Saved entries
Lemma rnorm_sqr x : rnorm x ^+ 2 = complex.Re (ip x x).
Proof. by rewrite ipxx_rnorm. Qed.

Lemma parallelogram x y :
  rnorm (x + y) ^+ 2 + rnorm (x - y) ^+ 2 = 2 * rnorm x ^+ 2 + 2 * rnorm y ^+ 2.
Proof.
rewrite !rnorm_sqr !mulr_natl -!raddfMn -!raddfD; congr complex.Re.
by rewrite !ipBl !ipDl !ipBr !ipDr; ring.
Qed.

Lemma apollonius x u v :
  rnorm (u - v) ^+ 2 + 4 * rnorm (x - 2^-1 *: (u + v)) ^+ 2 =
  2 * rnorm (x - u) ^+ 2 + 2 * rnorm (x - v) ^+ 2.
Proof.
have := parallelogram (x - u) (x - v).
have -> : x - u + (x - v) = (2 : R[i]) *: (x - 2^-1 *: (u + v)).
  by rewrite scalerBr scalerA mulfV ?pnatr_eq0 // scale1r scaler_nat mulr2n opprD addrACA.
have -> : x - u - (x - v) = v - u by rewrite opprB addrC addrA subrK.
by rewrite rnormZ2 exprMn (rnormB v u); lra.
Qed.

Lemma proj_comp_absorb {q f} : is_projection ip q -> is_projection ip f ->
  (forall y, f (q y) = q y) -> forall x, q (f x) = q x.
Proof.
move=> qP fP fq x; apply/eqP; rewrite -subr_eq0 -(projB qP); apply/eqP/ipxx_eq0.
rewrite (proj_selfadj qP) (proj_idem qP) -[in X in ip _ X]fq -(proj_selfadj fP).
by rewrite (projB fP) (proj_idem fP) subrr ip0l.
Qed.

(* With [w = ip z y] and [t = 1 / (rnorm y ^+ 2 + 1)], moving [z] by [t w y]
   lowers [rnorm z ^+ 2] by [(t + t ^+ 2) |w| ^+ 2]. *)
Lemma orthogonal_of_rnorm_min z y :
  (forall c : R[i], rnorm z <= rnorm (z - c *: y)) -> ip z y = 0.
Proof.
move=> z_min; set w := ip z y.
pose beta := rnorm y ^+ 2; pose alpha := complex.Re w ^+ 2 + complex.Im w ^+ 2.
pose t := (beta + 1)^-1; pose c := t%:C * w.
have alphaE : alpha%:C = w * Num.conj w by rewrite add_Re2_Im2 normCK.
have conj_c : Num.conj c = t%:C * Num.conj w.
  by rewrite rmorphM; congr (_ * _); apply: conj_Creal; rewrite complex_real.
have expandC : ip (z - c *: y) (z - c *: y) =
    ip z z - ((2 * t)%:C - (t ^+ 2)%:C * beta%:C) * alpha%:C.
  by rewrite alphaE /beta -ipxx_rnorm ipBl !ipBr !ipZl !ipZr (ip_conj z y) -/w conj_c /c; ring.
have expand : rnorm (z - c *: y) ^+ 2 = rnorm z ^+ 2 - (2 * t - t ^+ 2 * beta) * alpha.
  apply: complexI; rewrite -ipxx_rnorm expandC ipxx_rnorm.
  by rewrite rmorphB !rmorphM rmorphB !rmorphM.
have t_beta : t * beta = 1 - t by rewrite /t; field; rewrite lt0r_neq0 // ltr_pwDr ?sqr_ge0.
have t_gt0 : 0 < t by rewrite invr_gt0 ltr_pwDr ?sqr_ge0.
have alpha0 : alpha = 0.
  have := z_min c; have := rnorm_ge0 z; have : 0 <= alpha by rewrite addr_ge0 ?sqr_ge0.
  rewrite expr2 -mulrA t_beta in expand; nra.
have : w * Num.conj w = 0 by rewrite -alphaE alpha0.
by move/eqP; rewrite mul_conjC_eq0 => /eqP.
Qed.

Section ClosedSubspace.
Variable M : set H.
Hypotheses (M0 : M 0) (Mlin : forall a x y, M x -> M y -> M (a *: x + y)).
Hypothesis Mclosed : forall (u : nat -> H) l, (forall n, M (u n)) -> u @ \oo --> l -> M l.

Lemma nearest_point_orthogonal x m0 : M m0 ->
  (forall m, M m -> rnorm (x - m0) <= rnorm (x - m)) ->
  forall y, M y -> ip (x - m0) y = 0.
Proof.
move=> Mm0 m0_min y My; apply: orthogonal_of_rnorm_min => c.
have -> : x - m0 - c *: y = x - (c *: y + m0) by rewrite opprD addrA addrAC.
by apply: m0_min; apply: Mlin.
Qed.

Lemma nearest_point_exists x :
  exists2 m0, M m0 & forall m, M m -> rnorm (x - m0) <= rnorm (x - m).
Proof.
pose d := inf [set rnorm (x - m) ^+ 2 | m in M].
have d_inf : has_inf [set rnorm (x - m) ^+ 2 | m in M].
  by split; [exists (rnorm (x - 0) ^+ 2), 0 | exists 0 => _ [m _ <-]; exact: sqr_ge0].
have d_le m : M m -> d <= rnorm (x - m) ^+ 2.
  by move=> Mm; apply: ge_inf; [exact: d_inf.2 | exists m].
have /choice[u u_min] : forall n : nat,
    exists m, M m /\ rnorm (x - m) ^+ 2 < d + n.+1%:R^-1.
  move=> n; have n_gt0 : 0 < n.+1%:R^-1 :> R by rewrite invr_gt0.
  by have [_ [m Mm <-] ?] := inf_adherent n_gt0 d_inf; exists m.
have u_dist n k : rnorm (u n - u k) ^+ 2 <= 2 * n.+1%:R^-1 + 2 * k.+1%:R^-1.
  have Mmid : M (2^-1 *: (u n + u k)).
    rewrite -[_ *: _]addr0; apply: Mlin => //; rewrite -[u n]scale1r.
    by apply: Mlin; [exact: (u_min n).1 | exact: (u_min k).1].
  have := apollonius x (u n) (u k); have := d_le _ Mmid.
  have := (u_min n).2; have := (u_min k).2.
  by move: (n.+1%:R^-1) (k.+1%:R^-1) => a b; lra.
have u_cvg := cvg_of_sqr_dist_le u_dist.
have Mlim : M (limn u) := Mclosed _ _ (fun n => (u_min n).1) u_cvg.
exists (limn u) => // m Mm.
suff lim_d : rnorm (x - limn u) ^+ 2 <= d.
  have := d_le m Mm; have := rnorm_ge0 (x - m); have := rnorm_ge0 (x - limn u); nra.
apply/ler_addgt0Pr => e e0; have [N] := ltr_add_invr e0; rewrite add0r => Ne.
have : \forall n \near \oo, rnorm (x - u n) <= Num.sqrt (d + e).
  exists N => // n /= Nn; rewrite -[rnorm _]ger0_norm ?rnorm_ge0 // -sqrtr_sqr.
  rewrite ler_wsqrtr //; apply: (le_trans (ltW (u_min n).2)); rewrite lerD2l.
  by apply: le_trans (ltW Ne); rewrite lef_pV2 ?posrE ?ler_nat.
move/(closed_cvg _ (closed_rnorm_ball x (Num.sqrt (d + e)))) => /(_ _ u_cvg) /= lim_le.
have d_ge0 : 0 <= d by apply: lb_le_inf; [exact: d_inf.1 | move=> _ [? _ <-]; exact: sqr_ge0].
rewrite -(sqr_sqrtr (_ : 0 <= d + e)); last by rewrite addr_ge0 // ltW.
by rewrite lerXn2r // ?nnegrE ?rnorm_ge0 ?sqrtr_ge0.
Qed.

...

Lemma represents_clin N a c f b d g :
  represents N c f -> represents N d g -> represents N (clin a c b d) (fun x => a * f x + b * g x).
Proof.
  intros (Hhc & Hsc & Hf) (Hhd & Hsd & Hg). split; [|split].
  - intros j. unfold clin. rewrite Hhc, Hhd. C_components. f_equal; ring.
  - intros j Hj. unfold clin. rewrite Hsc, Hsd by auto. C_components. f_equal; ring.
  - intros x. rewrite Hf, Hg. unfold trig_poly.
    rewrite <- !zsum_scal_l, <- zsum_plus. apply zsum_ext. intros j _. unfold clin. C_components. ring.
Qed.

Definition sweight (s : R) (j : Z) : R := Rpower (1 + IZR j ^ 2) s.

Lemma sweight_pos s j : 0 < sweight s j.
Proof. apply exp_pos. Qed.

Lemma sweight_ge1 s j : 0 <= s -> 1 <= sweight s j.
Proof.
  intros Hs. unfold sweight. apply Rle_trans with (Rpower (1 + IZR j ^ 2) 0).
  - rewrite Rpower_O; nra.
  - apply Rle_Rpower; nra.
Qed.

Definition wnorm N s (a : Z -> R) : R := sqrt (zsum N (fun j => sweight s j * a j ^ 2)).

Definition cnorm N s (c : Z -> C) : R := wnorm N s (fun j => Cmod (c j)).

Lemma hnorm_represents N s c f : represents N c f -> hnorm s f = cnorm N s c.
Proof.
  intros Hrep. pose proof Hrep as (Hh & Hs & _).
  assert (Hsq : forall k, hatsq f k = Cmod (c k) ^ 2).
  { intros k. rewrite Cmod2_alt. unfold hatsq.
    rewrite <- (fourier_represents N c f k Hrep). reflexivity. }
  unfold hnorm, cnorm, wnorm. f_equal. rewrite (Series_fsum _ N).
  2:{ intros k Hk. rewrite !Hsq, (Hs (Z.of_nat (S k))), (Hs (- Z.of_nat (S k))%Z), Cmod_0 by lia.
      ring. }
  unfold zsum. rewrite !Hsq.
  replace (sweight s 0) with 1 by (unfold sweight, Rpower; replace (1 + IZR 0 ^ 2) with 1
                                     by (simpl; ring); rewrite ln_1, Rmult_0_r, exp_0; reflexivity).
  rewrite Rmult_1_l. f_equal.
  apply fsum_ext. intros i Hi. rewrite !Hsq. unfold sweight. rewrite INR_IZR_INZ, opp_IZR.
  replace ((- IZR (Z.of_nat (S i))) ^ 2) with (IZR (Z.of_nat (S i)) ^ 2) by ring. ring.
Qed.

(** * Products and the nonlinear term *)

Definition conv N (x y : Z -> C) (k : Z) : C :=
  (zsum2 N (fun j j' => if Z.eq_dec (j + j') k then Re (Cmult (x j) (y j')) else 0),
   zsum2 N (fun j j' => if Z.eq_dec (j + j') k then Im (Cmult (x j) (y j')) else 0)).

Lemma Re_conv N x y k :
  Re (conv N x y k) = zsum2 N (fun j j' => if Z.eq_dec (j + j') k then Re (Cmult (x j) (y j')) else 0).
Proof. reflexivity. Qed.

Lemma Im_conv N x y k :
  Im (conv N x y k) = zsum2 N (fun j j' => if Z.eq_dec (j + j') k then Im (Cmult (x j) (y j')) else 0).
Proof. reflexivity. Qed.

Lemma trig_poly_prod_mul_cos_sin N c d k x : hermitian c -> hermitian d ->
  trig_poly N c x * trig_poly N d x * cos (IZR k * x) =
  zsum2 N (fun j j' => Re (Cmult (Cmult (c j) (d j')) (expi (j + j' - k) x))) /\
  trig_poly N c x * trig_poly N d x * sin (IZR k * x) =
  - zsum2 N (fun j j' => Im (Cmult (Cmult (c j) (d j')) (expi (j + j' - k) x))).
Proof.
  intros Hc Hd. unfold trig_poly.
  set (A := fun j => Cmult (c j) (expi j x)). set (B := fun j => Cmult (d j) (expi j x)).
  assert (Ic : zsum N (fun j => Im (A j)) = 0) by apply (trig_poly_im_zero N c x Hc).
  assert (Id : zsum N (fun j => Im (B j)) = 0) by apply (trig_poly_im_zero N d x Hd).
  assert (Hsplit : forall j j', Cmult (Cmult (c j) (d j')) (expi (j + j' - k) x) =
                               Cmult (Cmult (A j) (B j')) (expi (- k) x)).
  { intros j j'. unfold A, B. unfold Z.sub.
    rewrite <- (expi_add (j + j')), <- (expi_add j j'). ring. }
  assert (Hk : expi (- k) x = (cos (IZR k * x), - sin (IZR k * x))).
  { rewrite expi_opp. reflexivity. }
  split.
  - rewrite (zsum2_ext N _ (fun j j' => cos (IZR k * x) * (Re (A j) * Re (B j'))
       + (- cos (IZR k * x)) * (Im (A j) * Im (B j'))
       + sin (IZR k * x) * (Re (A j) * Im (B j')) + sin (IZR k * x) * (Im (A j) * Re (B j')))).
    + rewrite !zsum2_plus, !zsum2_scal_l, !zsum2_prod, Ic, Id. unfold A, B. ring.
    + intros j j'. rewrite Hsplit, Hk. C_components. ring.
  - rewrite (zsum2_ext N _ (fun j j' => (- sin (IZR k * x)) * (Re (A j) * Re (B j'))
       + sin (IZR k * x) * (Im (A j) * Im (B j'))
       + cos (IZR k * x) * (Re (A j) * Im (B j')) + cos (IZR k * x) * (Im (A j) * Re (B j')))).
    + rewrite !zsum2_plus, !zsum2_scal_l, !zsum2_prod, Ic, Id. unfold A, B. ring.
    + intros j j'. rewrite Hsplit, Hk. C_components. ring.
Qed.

● Task directions
Whenever the word "limn" occurs in a line of the records, that line counts toward the total; state the total only.

● Response to this exercise
4